The truth is that a billion people at the moment are facing a food scarcity crisis, if they find any food at all, regardless of whether the mainstream media is now pretending that their fate is the result of just one war or is it because of the usual practice of speculation and greed that raises food prices. .

Millions of hungry people may not realize that the world produces enough food to cover all the needs of the planet’s population. And they don’t realize that more than a third of all food production is wasted, dumped in bins and lost in inadequate storage facilities.

The international scientific community warns every day that climate change, severe droughts, catastrophic floods and other factors are exacerbating an acute shortage of money to save lives, as armed conflicts erupt and spending on weapons of mass destruction is unprecedented, reaching more than $2 trillion last year alone.

The world is in the wrong direction

An Empty Plate: Why we are losing the battle for our food system, why it matters, and how we can win it back by Tracy LedgerThe look reflects a state of great need

 

Food security is defined as adequate access to food in terms of quality and quantity, while moderately food insecure people face uncertainty about access to food and sacrifice food quality and quantity to get by, and those suffering usually run out of food They are severely food insecure and, at worst, go a day or days without eating.

A hunger gap between the sexes in 2021

  • 31.9 percent of women in the world experienced moderate or severe food insecurity
  • 27.6 percent of men experienced the same phenomenon

The Food and Agriculture Organization of the United Nations (FAO) asserts that “the world is heading in the wrong direction” and has just released the above-mentioned figures in its 2022 report, The State of Food Security and Nutrition in the World.

New estimates for 2021 indicate that the prevalence of moderate or severe food insecurity has remained relatively unchanged compared to 2020, according to FAO reports that have identified that acute food insecurity has increased, providing further evidence of the deteriorating situation of those already facing hardship serious.

And remember that an estimated 29.3 percent of the world’s population was moderately or severely food insecure in 2021. 11.7 percent of this population faced acute food insecurity. In other words, extreme hunger has doubled in 10 of the world’s worst climate regions over the past six years.

According to a report by Oxfam on September 16, 2022, ten of the world’s worst climate regions have experienced a 123 percent increase in acute hunger over the past six years.

Women and children with empty stomachs

 

A growing gender gap
A growing gender gap 

 

On the other hand, there is a growing gender gap in the field of food insecurity; In 2021, 31.9 percent of the world’s women were moderately or severely food insecure, compared to 27.6 percent of men. It is a gap of more than 4 percentage points, compared to 3 percentage points in 2020, according to the same report.

The latest estimates revealed that 14.6 percent of newborns were born with a low birth weight in 2015, a slight decrease from 17.5 percent in 2000.

While optimal breastfeeding, including exclusive breastfeeding for the first six months of life, is critical to a child’s survival, health promotion and cognitive development, health and children’s organizations are again raising the alarm globally about what they classify as scams. “Appalling, deceptive, exploitative, aggressive, misleading and pervasive” marketing used by baby dairy companies with the sole aim of increasing their already high profits.

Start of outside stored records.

(* Consider any trajectory of the hybrid devil-stick model below, and suppose that for some $k$, $D\rho_k=0$ and $D\rho_{k+1}=0$. Then $$S_m\,\omega_{k+1}-S_p\,\omega_k=-K\sin\theta_k\left[\frac{1}{\omega_k}+\frac{1}{\omega_{k+1}}\right],$$ where $K=\frac{g(\Delta\theta^* )^2}{4R\sin(\Delta\theta^*/2)}$, $S_m=\sin(\phi-\Delta\theta^*/2)$, $S_p=\sin(\phi+\Delta\theta^*/2)$. In particular, if $\phi=\pi/2$ (resp. $\phi=-\pi/2$) this becomes $\omega_{k+1}-\omega_k=P\sin\theta_k\left[\frac1{\omega_k}+\frac1{\omega_{k+1}}\right]$ with $P=-\frac{g(\Delta\theta^* )^2}{2R\sin\Delta\theta^*}$ (resp. $P=\frac{g(\Delta\theta^* )^2}{2R\sin\Delta\theta^*}$).
   Context: Constants: $m,J,g,R>0$, $\Delta\theta^*\in(0,\pi)$, $\phi\in(-\pi,\pi]$. The hybrid model consists of sequences $h(k),v(k)\in\mathbb{R}^2$, $\theta_k\in\mathbb{R}$, $\omega_k>0$, inputs $I_k,r_k\in\mathbb{R}$ and $\delta_k>0$ satisfying, for all $k\ge1$: $h(k+1)=h(k)+v(k)\delta_k+\begin{bmatrix}-\sin\theta_k\\ \cos\theta_k\end{bmatrix}\frac{I_k\delta_k}{m}+\begin{bmatrix}0\\-\tfrac12 g\delta_k^2\end{bmatrix}$, $v(k+1)=v(k)+\begin{bmatrix}-\sin\theta_k\\ \cos\theta_k\end{bmatrix}\frac{I_k}{m}+\begin{bmatrix}0\\-g\delta_k\end{bmatrix}$, $\theta_{k+1}=\theta_k+\Delta\theta^*$, $\omega_{k+1}=\omega_k+\frac{I_kr_k}{J}$, $\delta_k=\Delta\theta^*/\omega_{k+1}$. Define $\Phi(\theta)=\begin{bmatrix}R\cos(\theta-\phi)\\ R\sin(\theta-\phi)\end{bmatrix}$, $\Psi(\theta,\omega)=\frac{\omega}{\Delta\theta^*}[\Phi(\theta)-\Phi(\theta-\Delta\theta^* )]-\begin{bmatrix}0\\ \frac{g\Delta\theta^*}{2\omega}\end{bmatrix}$, $\rho_k=h(k)-\Phi(\theta_k)$ and $D\rho_k=v(k)-\Psi(\theta_k,\omega_k)$. *)

From Stdlib Require Import Reals Lra.
Open Scope R_scope.

Definition Phi (Rr phi th : R) : R * R :=
  (Rr * cos (th - phi), Rr * sin (th - phi)).

Definition Psi (Rr phi g dth th om : R) : R * R :=
  (om / dth * (fst (Phi Rr phi th) - fst (Phi Rr phi (th - dth))),
   om / dth * (snd (Phi Rr phi th) - snd (Phi Rr phi (th - dth))) - g * dth / (2 * om)).

Definition rho (Rr phi : R) (h : nat -> R * R) (theta : nat -> R) (k : nat) : R * R :=
  (fst (h k) - fst (Phi Rr phi (theta k)), snd (h k) - snd (Phi Rr phi (theta k))).

Definition Drho (Rr phi g dth : R) (v : nat -> R * R) (theta omega : nat -> R) (k : nat)
  : R * R :=
  (fst (v k) - fst (Psi Rr phi g dth (theta k) (omega k)),
   snd (v k) - snd (Psi Rr phi g dth (theta k) (omega k))).

Definition hybrid_trajectory (m J g Rr dth : R)
  (h v : nat -> R * R) (theta omega I r delta : nat -> R) : Prop :=
  forall k : nat, (1 <= k)%nat ->
    0 < omega k /\ 0 < delta k /\
    h (S k) = (fst (h k) + fst (v k) * delta k + (- sin (theta k)) * (I k * delta k / m),
               snd (h k) + snd (v k) * delta k + cos (theta k) * (I k * delta k / m)
                 - / 2 * g * (delta k) ^ 2) /\
    v (S k) = (fst (v k) + (- sin (theta k)) * (I k / m),
               snd (v k) + cos (theta k) * (I k / m) - g * delta k) /\
    theta (S k) = theta k + dth /\
    omega (S k) = omega k + I k * r k / J /\
    delta k = dth / omega (S k).

(* Write Δ for Δθ^*.  Projecting the velocity jump v(k+1) - v(k) onto (cos θ_k, sin θ_k),
   which is orthogonal to the impulse direction (-sin θ_k, cos θ_k), eliminates the unknown
   impulse I_k and leaves only gravity: the projection equals -g δ_k sin θ_k =
   -g Δ sin θ_k / ω_{k+1}.  When Dρ_k = Dρ_{k+1} = 0 both velocities are given by Ψ, whose
   projection follows from the chord identity cos a - cos (a + Δ) = 2 sin (Δ/2) sin (a + Δ/2);
   solving the resulting linear relation for the ω's gives the recurrence.  For φ = ±π/2 both
   S_m and S_p equal ±cos (Δ/2), and sin Δ = 2 sin (Δ/2) cos (Δ/2) turns K into P. *)

From Stdlib Require Import Reals Lra Lia.
Open Scope R_scope.

Definition dot (u w : R * R) : R := fst u * fst w + snd u * snd w.

Definition radial (th : R) : R * R := (cos th, sin th).

Lemma dot_Phi_radial (Rr phi t th : R) :
  dot (Phi Rr phi t) (radial th) = Rr * cos (th - t + phi).
Proof.
  unfold dot, Phi, radial; simpl.
  replace (th - t + phi) with (th - (t - phi)) by ring.
  rewrite (cos_minus th); ring.
Qed.

Lemma cos_chord (a d : R) : cos a - cos (a + d) = 2 * sin (d / 2) * sin (a + d / 2).
Proof.
  rewrite form2.
  replace ((a - (a + d)) / 2) with (- (d / 2)) by field.
  replace ((a + (a + d)) / 2) with (a + d / 2) by field.
  rewrite sin_neg; ring.
Qed.

Lemma dot_Psi_radial (Rr phi g dth t th om : R) :
  dot (Psi Rr phi g dth t om) (radial th)
  = 2 * Rr * sin (dth / 2) / dth * om * sin (th - t + phi + dth / 2)
    - g * dth / (2 * om) * sin th.
Proof.
  transitivity (om / dth * (dot (Phi Rr phi t) (radial th)
                            - dot (Phi Rr phi (t - dth)) (radial th))
                - g * dth / (2 * om) * sin th).
  { unfold dot, Psi, radial; simpl; ring. }
  rewrite !dot_Phi_radial.
  replace (th - (t - dth) + phi) with (th - t + phi + dth) by ring.
  replace (Rr * cos (th - t + phi) - Rr * cos (th - t + phi + dth))
    with (Rr * (cos (th - t + phi) - cos (th - t + phi + dth))) by ring.
  rewrite cos_chord; unfold Rdiv; ring.
Qed.

Lemma Drho_eq0 {Rr phi g dth : R} {v : nat -> R * R} {theta omega : nat -> R} {k : nat} :
  Drho Rr phi g dth v theta omega k = (0, 0) ->
  v k = Psi Rr phi g dth (theta k) (omega k).
Proof.
  unfold Drho; intros E; injection E as E1 E2.
  rewrite (surjective_pairing (v k)); unfold Psi, Phi; simpl.
  f_equal; lra.
Qed.

Section Trajectory.

Context {m J g Rr dth : R} {h v : nat -> R * R} {theta omega I r delta : nat -> R}.
Hypothesis Htraj : hybrid_trajectory m J g Rr dth h v theta omega I r delta.

Lemma velocity_jump_radial (k : nat) : (1 <= k)%nat ->
  dot (v (S k)) (radial (theta k))
  = dot (v k) (radial (theta k)) - g * dth / omega (S k) * sin (theta k).
Proof.
  intros Hk; destruct (Htraj k Hk) as (_ & _ & _ & Hv & _ & _ & Hdel).
  rewrite Hv, Hdel; unfold dot, radial; simpl; unfold Rdiv; ring.
Qed.

Lemma omega_relation (phi : R) (HR : 0 < Rr) (Hdth : 0 < dth < PI) (k : nat) :
  (1 <= k)%nat ->
  Drho Rr phi g dth v theta omega k = (0, 0) ->
  Drho Rr phi g dth v theta omega (S k) = (0, 0) ->
  sin (phi - dth / 2) * omega (S k) - sin (phi + dth / 2) * omega k
  = - (g * dth ^ 2 / (4 * Rr * sin (dth / 2))) * sin (theta k)
      * (/ omega k + / omega (S k)).
Proof.
  intros Hk H0 H1.
  destruct (Htraj k Hk) as (Hw & _ & _ & _ & Hth & _).
  destruct (Htraj (S k) ltac:(lia)) as (Hw' & _).
  pose proof (velocity_jump_radial k Hk) as jump.
  rewrite (Drho_eq0 H0), (Drho_eq0 H1), Hth,
    !dot_Psi_radial in jump.
  replace (theta k - theta k + phi + dth / 2) with (phi + dth / 2) in jump by ring.
  replace (theta k - (theta k + dth) + phi + dth / 2) with (phi - dth / 2) in jump by field.
  assert (Hs : 0 < sin (dth / 2)) by (apply sin_gt_0; lra).
  apply Rmult_eq_reg_l with (2 * Rr * sin (dth / 2) / dth).
  2: { apply Rgt_not_eq, Rdiv_lt_0_compat; nra. }
  transitivity (- (g * dth / 2) * sin (theta k) * (/ omega k + / omega (S k))).
  - replace (g * dth / (2 * omega k)) with (g * dth / 2 * / omega k) in jump by (field; lra).
    replace (g * dth / (2 * omega (S k))) with (g * dth / 2 * / omega (S k)) in jump
      by (field; lra).
    replace (g * dth / omega (S k)) with (2 * (g * dth / 2) * / omega (S k)) in jump
      by (field; lra).
    lra.
  - field; lra.
Qed.

End Trajectory.

Lemma half_angle_rescale (g Rr dth y z : R) (HR : 0 < Rr) (Hdth : 0 < dth < PI) :
  cos (dth / 2) * y = g * dth ^ 2 / (4 * Rr * sin (dth / 2)) * z ->
  y = g * dth ^ 2 / (2 * Rr * sin dth) * z.
Proof.
  intros E.
  assert (Hs : 0 < sin (dth / 2)) by (apply sin_gt_0; lra).
  assert (Hc : 0 < cos (dth / 2)) by (apply cos_gt_0; lra).
  replace (sin dth) with (2 * sin (dth / 2) * cos (dth / 2))
    by (rewrite <- sin_2a; f_equal; field).
  apply Rmult_eq_reg_l with (cos (dth / 2)); [| lra].
  rewrite E; field; lra.
Qed.

Theorem mainTheorem6 (m J g Rr dth phi : R)
  (Hm : 0 < m) (HJ : 0 < J) (Hg : 0 < g) (HR : 0 < Rr)
  (Hdth : 0 < dth < PI) (Hphi : - PI < phi <= PI)
  (h v : nat -> R * R) (theta omega I r delta : nat -> R)
  (Htraj : hybrid_trajectory m J g Rr dth h v theta omega I r delta)
  (k : nat) (Hk : (1 <= k)%nat)
  (H0 : Drho Rr phi g dth v theta omega k = (0, 0))
  (H1 : Drho Rr phi g dth v theta omega (S k) = (0, 0)) :
  let K := g * dth ^ 2 / (4 * Rr * sin (dth / 2)) in
  let Sm := sin (phi - dth / 2) in
  let Sp := sin (phi + dth / 2) in
  Sm * omega (S k) - Sp * omega k
    = - K * sin (theta k) * (/ omega k + / omega (S k))
  /\ (phi = PI / 2 ->
      omega (S k) - omega k
        = (- (g * dth ^ 2 / (2 * Rr * sin dth))) * sin (theta k)
            * (/ omega k + / omega (S k)))
  /\ (phi = - (PI / 2) ->
      omega (S k) - omega k
        = (g * dth ^ 2 / (2 * Rr * sin dth)) * sin (theta k)
            * (/ omega k + / omega (S k))).
Proof.
  intros K Sm Sp.
  pose proof (omega_relation Htraj phi HR Hdth k Hk H0 H1) as Main.
  split; [exact Main |].
  split; intros Hp; subst phi.
  - replace (- (g * dth ^ 2 / (2 * Rr * sin dth)) * sin (theta k)
               * (/ omega k + / omega (S k)))
      with (g * dth ^ 2 / (2 * Rr * sin dth) * - (sin (theta k) * (/ omega k + / omega (S k))))
      by ring.
    apply half_angle_rescale; auto.
    rewrite sin_shift, <- cos_sin in Main; lra.
  - rewrite Rmult_assoc; apply half_angle_rescale; auto.
    replace (- (PI / 2) - dth / 2) with (- (PI / 2 + dth / 2)) in Main by ring.
    replace (- (PI / 2) + dth / 2) with (- (PI / 2 - dth / 2)) in Main by ring.
    rewrite !sin_neg, sin_shift, <- cos_sin in Main; lra.
Qed.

The Food and Agriculture Organization of the United Nations indicates that the prevalence of breastfeeding worldwide increased from 37.1 percent in 2012 to 43.8 percent in 2020. However, more than half of children under six months of age worldwide were not exclusively breastfed, according to the Food and Agriculture Organization of the United Nations. “Stunting that is disproportionate to one’s age undermines children’s physical and cognitive development, increases their risk of death from common infections, and exposes them to overweight and non-communicable diseases later in life,” the report added.